Хорошо ли я помню? Я должна исхитриться, чтобы изложить фабулу, но речь идет о возрасте, еще не имеющем тех слов, из которых можно соткать воспоминания; в памяти осталось только то, что тогда было необычайным: маленький стол, изрезанный бороздками и отполированный сотнями ладоней до нашего появления, неприятный запах от детей, которые не почистили зубы, скрип мела по зеленой доске, луч, скользящий по картинкам из букваря, сладкий вкус клейкого рогалика во время большой перемены. Потом ты мне скажешь, что я все выдумала, что все было не так, что интересно, в какую это я школу ходила, она ничуть не похожа на твою. А мне мои выдумки ближе и яснее всей школьной документации, бледных коллективных фотографий класса и твоей хирургически точной памяти.

Но некоторые картины остаются, некоторые просты и непритязательны именно потому, что я их не выдумала. Два мальчика сидят между тобой и мной и разговаривают о своих пиписьках. Мы переглядываемся, понимаем, что что-то не так, но точно не знаем, что именно. Учительница далеко от нас, стоит повернувшись к доске. То, о чем говорят эти мальчишки, – у нас такого нет, это что-то другое, только ихнее. В этом различии кроются все виды стыда и страхов нашего мира. Мы слишком рано получим ответы, сморщенные, маленькие ответы на вопросы, о которых мы и не знали, что носим их в себе. Мальчишки расстегивали штаны и показывали друг другу пиписьки так, как сравнивают пеналы. Я посмотрела на тебя – ты повернула голову к ним и смотрела на их маленькие члены, не уверенная в том, известно ли тебе их назначение, смотрела с некоторой жалостью из-за того, что их тела так неприятно деформированы. Потом это увидела и я, но только после того, как долго разглядывала их отражение в твоих глазах. Два уродливых гриба в середине каждого мальчика.

Не помню, как и когда закончился этот ужасный спектакль. С того дня мы сидели рядом, притянутые друг к другу не только страхом, вызванным их телами, но и чувством соучастия в нашем различии. Нас сдружила смущающая смесь гадливости и изумления. Мы были ты и я.

Не помню я и когда ты мне в первый раз назвала свое имя. Иногда мне кажется, что оно существовало всегда, что я его знала с первого момента, хотя мне совершенно ясно, что такое невозможно. То, что я помню, – это бумажная кукла, которую ты принесла в школу, твоя Лейла. Она была белая, вырезанная из плотной бумаги для акварели. Ты не нарисовала ей ни глаза, ни губы, ни нос.
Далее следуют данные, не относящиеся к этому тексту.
Lemma vietoris_basicI m l (U : 'I_m -> set X) (V : 'I_l -> set X) (A : set X) :
  (forall i, open (U i)) -> (forall j, open (V j)) ->
  vietoris_basic U A -> vietoris_basic V A ->
  exists k (W : 'I_k -> set X), [/\ forall i, open (W i), vietoris_basic W A &
    vietoris_basic W `<=` vietoris_basic U `&` vietoris_basic V].
Proof.
move=> oU oV [AU UA] [AV VA].
pose cupU := \bigcup_(i in setT) U i; pose cupV := \bigcup_(j in setT) V j.
pose W i := match fintype.split i with
  | inl i => U i `&` cupV | inr j => V j `&` cupU end.
have WE i : W (lshift l i) = U i `&` cupV by rewrite /W -/(unsplit (inl i)) unsplitK.
have WE' j : W (rshift m j) = V j `&` cupU by rewrite /W -/(unsplit (inr j)) unsplitK.
have Wcup i : W i `<=` cupU `&` cupV.
  by rewrite /W; case: fintype.split => j x [] ? ?; split=> //; exists j.
exists (m + l)%N, W; split.
- move=> i; rewrite /W; case: fintype.split => j; apply: openI => //;
    by apply: bigcup_open => ? _.
- split=> [x Ax|i].
    have [i Ui] := AU x Ax; have [j Vj] := AV x Ax.
    by exists (lshift l i); rewrite WE; split=> //; exists j.
  rewrite /W; case: fintype.split => j.
    have [x [Ax Ux]] := UA j; have [j' Vx] := AV x Ax.
    by exists x; split=> //; split=> //; exists j'.
  have [x [Ax Vx]] := VA j; have [i' Ux] := AU x Ax.
  by exists x; split=> //; split=> //; exists i'.
- move=> B [BW WB]; split; split.
  + by move=> x /BW [i /Wcup [[j _ Ux] _]]; exists j.
  + by move=> i; have [x [Bx]] := WB (lshift l i); rewrite WE => -[]; exists x.
  + by move=> x /BW [i /Wcup [_ [j _ Vx]]]; exists j.
  + by move=> j; have [x [Bx]] := WB (rshift m j); rewrite WE' => -[]; exists x.
Qed.

Lemma Fn_openI (n : nat) (W1 W2 : set (set X)) :
  Fn_open n W1 -> Fn_open n W2 -> Fn_open n (W1 `&` W2).
Proof.
move=> [W1F oW1] [_ oW2]; split=> [A [/W1F]//|A [W1A W2A]].
have [m [U [oU [UA UW1]]]] := oW1 A W1A; have [l [V [oV [VA VW2]]]] := oW2 A W2A.
have [k [W [oW WA WUV]]] := vietoris_basicI oU oV UA VA.
exists k, W; do 2!split=> //; move=> B [/WUV [UB VB] FB].
by split; [apply: UW1 | apply: VW2].
Qed.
Ты не стала уничтожать часть ее тела, замаскировав ее широкой юбкой; ты не добавила ей ни одной детали. Учительница собрала наших бумажных людей и стала пришпиливать их к большой пробковой доске, которая висела на стене рядом с картой мира. Маленькими булавками она пробила нам головы. Ноги и руки у нас скрутились, потом они будут трепетать всякий раз, когда кто-нибудь открывает дверь класса.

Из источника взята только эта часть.